I'll have braced wood end/corner posts, with the line posts being t-posts.  It's a straight line, gently sloping.  How far apart do you put t-posts?  And can I do a whole run of a 330' roll with just a wood section at each end, or do you need another braced pair of wood posts every so often?


----------



## Baymule (Oct 21, 2016)

The 2x4 non climb wire comes in 100' and 200' rolls. We used the 200' rolls and put a brace at the end/start of each roll. We spaced the T-posts 10' apart. I absolutely adore my non climb fence!


----------



## misfitmorgan (Oct 21, 2016)

As mentioned you plan to do what you can  afford i can not afford to pay $12,000 on wire alone to fence my whole property so i shall be sticking with the crap wire i guess.


----------



## Baymule (Oct 21, 2016)

misfitmorgan said:


> As mentioned you plan to do what you can  afford i can not afford to pay $12,000 on wire alone to fence my whole property so i shall be sticking with the crap wire i guess.
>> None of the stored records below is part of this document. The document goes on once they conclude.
(* Let $\kappa$ be an infinite cardinal, $(G,f)\in\mathcal C$ with $G=(V,E)$ and $|V|=\kappa^+$. Then $G$ possesses a perfect $f$-factor if and only if there is an increasing continuous sequence $(A_\alpha)_{\alpha<\kappa^+}$ of subsets of $V$ such that (i) $A_0=\emptyset$ and $V=\bigcup_{\alpha<\kappa^+}A_\alpha$; (ii) $|A_{\alpha+1}\setminus A_\alpha|=\kappa$ for all $\alpha<\kappa^+$; (iii) for every $\alpha<\kappa^+$, letting $B_\alpha=A_{\alpha+1}\setminus(A_\alpha\setminus f^{-1}(\kappa^+))$ and $g_\alpha=f\restriction B_\alpha$, the graph $\bigl(B_\alpha,\{\{x,y\}\in E: x\in B_\alpha,\ y\in A_{\alpha+1}\setminus A_\alpha\}\bigr)$ has a $\kappa$-perfect $g_\alpha$-factor.
   Context: A graph is $G=(V,E)$ with $V$ a nonempty set and $E\subseteq\{e\subseteq V:|e|=2\}$. For $F\subseteq E$ and $x\in V$, $d_F(x)$ is the cardinal $|\{e\in F:x\in e\}|$. For $f:V\to$ Cardinals, an $f$-factor of $G$ is $F\subseteq E$ with $d_F(x)\le f(x)$ for all $x$; it is perfect if $d_F(x)=f(x)$ for all $x$; $f^{-1}(\lambda)=\{x\in V:f(x)=\lambda\}$. For an infinite cardinal $\kappa$, an $f$-factor $F$ is $\kappa$-perfect if $d_F(x)=f(x)$ for all $x$ with $f(x)\le\kappa$ and $d_F(x)>0$ for all $x$ with $f(x)>\kappa$. $\mathcal C$ is the class of all pairs $(G,f)$ with $G=(V,E)$ a graph, $f:V\to$ Cardinals, and $f(x)\le d_E(x)$ for all $x\in V$. A sequence $(A_\alpha)_{\alpha<\kappa^+}$ is increasing continuous if $A_\alpha\subseteq A_\beta$ for $\alpha<\beta$ and $A_\lambda=\bigcup_{\alpha<\lambda}A_\alpha$ for limit $\lambda$. *)

From mathcomp Require Import all_boot all_order.
From mathcomp Require Import boolp classical_sets functions cardinality.
Set Implicit Arguments. Unset Strict Implicit. Unset Printing Implicit Defensive.
Local Open Scope classical_set_scope.
Local Open Scope card_scope.

(* A cardinal is represented by a set (of any type); cardinals are compared
   with #<= and #= (existence of an injection / a bijection). *)

Definition is_edge (V : Type) (e : set V) := exists x y : V, x <> y /\ e = [set x; y].

Definition graph (V : Type) (E : set (set V)) :=
  (exists x : V, True) /\ forall e, E e -> is_edge e.

(* the set {e in F : x in e}; d_F(x) is its cardinal *)
Definition inc (V : Type) (F : set (set V)) (x : V) : set (set V) :=
  [set e | F e /\ e x].

Definition classC (V C : Type) (E : set (set V)) (f : V -> set C) :=
  graph E /\ forall x, f x #<= inc E x.

Definition factor (V C : Type) (B : set V) (E : set (set V)) (f : V -> set C)
  (F : set (set V)) :=
  F `<=` E /\ forall x, B x -> inc F x #<= f x.

Definition perfect_factor (V C : Type) (B : set V) (E : set (set V))
  (f : V -> set C) (F : set (set V)) :=
  factor B E f F /\ forall x, B x -> inc F x #= f x.

(* kappa-perfect f-factor, kappa = |K| *)
Definition kperfect_factor (V C K : Type) (B : set V) (E : set (set V))
  (f : V -> set C) (F : set (set V)) :=
  factor B E f F /\
  forall x, B x ->
    (f x #<= [set: K] -> inc F x #= f x) /\
    (~ (f x #<= [set: K]) -> inc F x !=set0).

(* |L| = |K|^+ : K injects into L, L does not inject into K, and every subset
   of L has cardinality <= |K| or = |L|. *)
Definition is_succ_card (K L : Type) :=
  [set: K] #<= [set: L] /\ ~ ([set: L] #<= [set: K]) /\
  forall S : set L, S #<= [set: K] \/ S #= [set: L].

Definition strict_wellorder (I : Type) (lt : I -> I -> Prop) :=
  (forall a, ~ lt a a) /\ (forall a b c, lt a b -> lt b c -> lt a c) /\
  (forall a b, lt a b \/ a = b \/ lt b a) /\ well_founded lt.

(* (I, lt) has order type the initial ordinal kappa^+ (= |L| where L is the
   successor cardinal of K): |I| = |L| and every proper initial segment has
   cardinality <= kappa. *)
Definition ordinal_succ_card (K L I : Type) (lt : I -> I -> Prop) :=
  strict_wellorder lt /\ [set: I] #= [set: L] /\
  forall i, [set j | lt j i] #<= [set: K].

Definition is_least (I : Type) (lt : I -> I -> Prop) (z : I) := forall a, a <> z -> lt z a.
Definition is_succ_of (I : Type) (lt : I -> I -> Prop) (a b : I) :=
  lt a b /\ forall c, lt a c -> c = b \/ lt b c.
Definition is_limit (I : Type) (lt : I -> I -> Prop) (l : I) :=
  ~ is_least lt l /\ ~ (exists a, is_succ_of lt a l).

Definition increasing_continuous (V I : Type) (lt : I -> I -> Prop) (A : I -> set V) :=
  (forall a b, lt a b -> A a `<=` A b) /\
  (forall l, is_limit lt l -> A l = \bigcup_(a in [set a | lt a l]) A a).

From mathcomp Require Import all_boot all_order.
From mathcomp Require Import boolp classical_sets functions cardinality.
Set Implicit Arguments. Unset Strict Implicit. Unset Printing Implicit Defensive.
Local Open Scope classical_set_scope.
Local Open Scope card_scope.

(* Write k for |K|, so that |V| = k^+, and call x small when f x <= k.
   Given a perfect factor F, build the filtration by transfinite recursion: A_(a+1) is
   the closure of A_a, k new vertices and the a-th vertex under adding all F-neighbours
   of small vertices and one F-neighbour outside A_a of each big vertex.  Every stage has
   size k and is closed under F-neighbourhoods of small vertices, so the F-edges between
   B_a and A_(a+1) \ A_a form a k-perfect factor.  Conversely the union of the stage
   factors is perfect: a small vertex only meets edges of the stage where it enters,
   while a big vertex meets a distinct edge at each of the k^+ later stages.
   The cardinal arithmetic (comparability, k * k = k) is proved from Zorn's lemma. *)

Lemma card_le_inj T U (A : set T) (B : set U) (f : T -> U) :
  set_fun A B f -> set_inj A f -> A #<= B.
Proof.
move=> fAB fi; rewrite -(card_le_eql (inj_card_eq fi)).
by apply: subset_card_le => _ [x Ax <-]; apply: fAB.
Qed.

Lemma card_le_injP T U (A : set T) (B : set U) :
  A #<= B <-> A = set0 \/ exists2 f : T -> U, set_fun A B f & set_inj A f.
Proof.
split; last by case=> [->|[f]]; [exact: card_ge0|exact: card_le_inj].
elim/Ppointed: U => U in B *; first by rewrite card_le_emptyr => /eqP; left.
by move/pcard_leP/injfunPex => [f fAB fi]; right; exists f.
Qed.

Definition one_to_one T U (R : set (T * U)) :=
  forall p q, R p -> R q -> (p.1 = q.1 <-> p.2 = q.2).

(* A maximal one-to-one relation inside [A `*` B] is defined on all of [A] or onto [B]. *)
Lemma card_le_total T U (A : set T) (B : set U) : A #<= B \/ B #<= A.
Proof.
pose P R := R `<=` A `*` B /\ one_to_one R.
have [R [[RAB R11] Rmax]] : exists R, P R /\ forall R', R `<` R' -> ~ P R'.
  apply: Zorn_bigcup => F FP Ftot; split.
    by move=> p [R FR Rp]; apply: (FP R FR).1.
  move=> p q [R FR Rp] [R' FR' R'q].
  have [RR'|R'R] := Ftot _ _ FR FR'.
    exact: (FP R' FR').2 (RR' _ Rp) R'q.
  exact: (FP R FR).2 Rp (R'R _ R'q).
have fst_inj : set_inj R fst.
  move=> [x y] [x' y'] /set_mem Rp /set_mem Rq /= exx'.
  by have /= <- := (R11 _ _ Rp Rq).1 exx'; rewrite exx'.
have snd_inj : set_inj R snd.
  move=> [x y] [x' y'] /set_mem Rp /set_mem Rq /= eyy'.
  by have /= <- := (R11 _ _ Rp Rq).2 eyy'; rewrite eyy'.
have fstR : fst @` R #= snd @` R.
  exact: card_eq_trans (inj_card_eq fst_inj) (card_esym (inj_card_eq snd_inj)).
have [AR|/nonsubset[a [Aa nRa]]] := pselect (A `<=` fst @` R).
  left; apply: card_le_trans (subset_card_le AR) _.
  rewrite (card_le_eql fstR); apply: subset_card_le => _ [p Rp <-].
  exact: (RAB p Rp).2.
have [BR|/nonsubset[b [Bb nRb]]] := pselect (B `<=` snd @` R).
  right; apply: card_le_trans (subset_card_le BR) _.
  rewrite -(card_le_eql fstR); apply: subset_card_le => _ [p Rp <-].
  exact: (RAB p Rp).1.
exfalso; apply: (Rmax (R `|` [set (a, b)])).
  split; first by move=> p Rp; left.
  by move=> /(_ (a, b) (or_intror erefl)) Rab; apply: nRa; exists (a, b).
split; first by move=> p [/RAB //|->].
move=> p q [Rp|->] [Rq|->]; first exact: R11.
- by split=> e; [case: nRa|case: nRb]; exists p; rewrite // e.
- by split=> e; [case: nRa|case: nRb]; exists q; rewrite // e.
- by [].
Qed.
I totally get that. We sold our previous home plus land in another location that we owned, and paid for this place and improvements. Without that financial pot to draw from, things would have been a lot different.


----------



## NH homesteader (Oct 21, 2016)

Same here.  I can't afford the "good stuff".  Maybe someday.  But for now if I need to I'll add hot wire to my crappy fencing! My does don't even wreck welded wire,  but my wether destroys it (my buckling isn't into the ladies or fence bashing yet).  But I know the welded wire won't last forever,  so I'll switch to woven wire when I need to. I want to use electric netting in the non snowy months but will still have to perimeter fence around that. We lose our power a lot!


----------



## misfitmorgan (Oct 21, 2016)

NH homesteader said:


> Same here.  I can't afford the "good stuff".  Maybe someday.  But for now if I need to I'll add hot wire to my crappy fencing! My does don't even wreck welded wire,  but my wether destroys it (my buckling isn't into the ladies or fence bashing yet).  But I know the welded wire won't last forever,  so I'll switch to woven wire when I need to. I want to use electric netting in the non snowy months but will still have to perimeter fence around that. We lose our power a lot!



Thats what i do...run hotwire our buck rubs up and down the fence if we dont. 



Baymule said:


> I totally get that. We sold our previous home plus land in another location that we owned, and paid for this place and improvements. Without that financial pot to draw from, things would have been a lot different.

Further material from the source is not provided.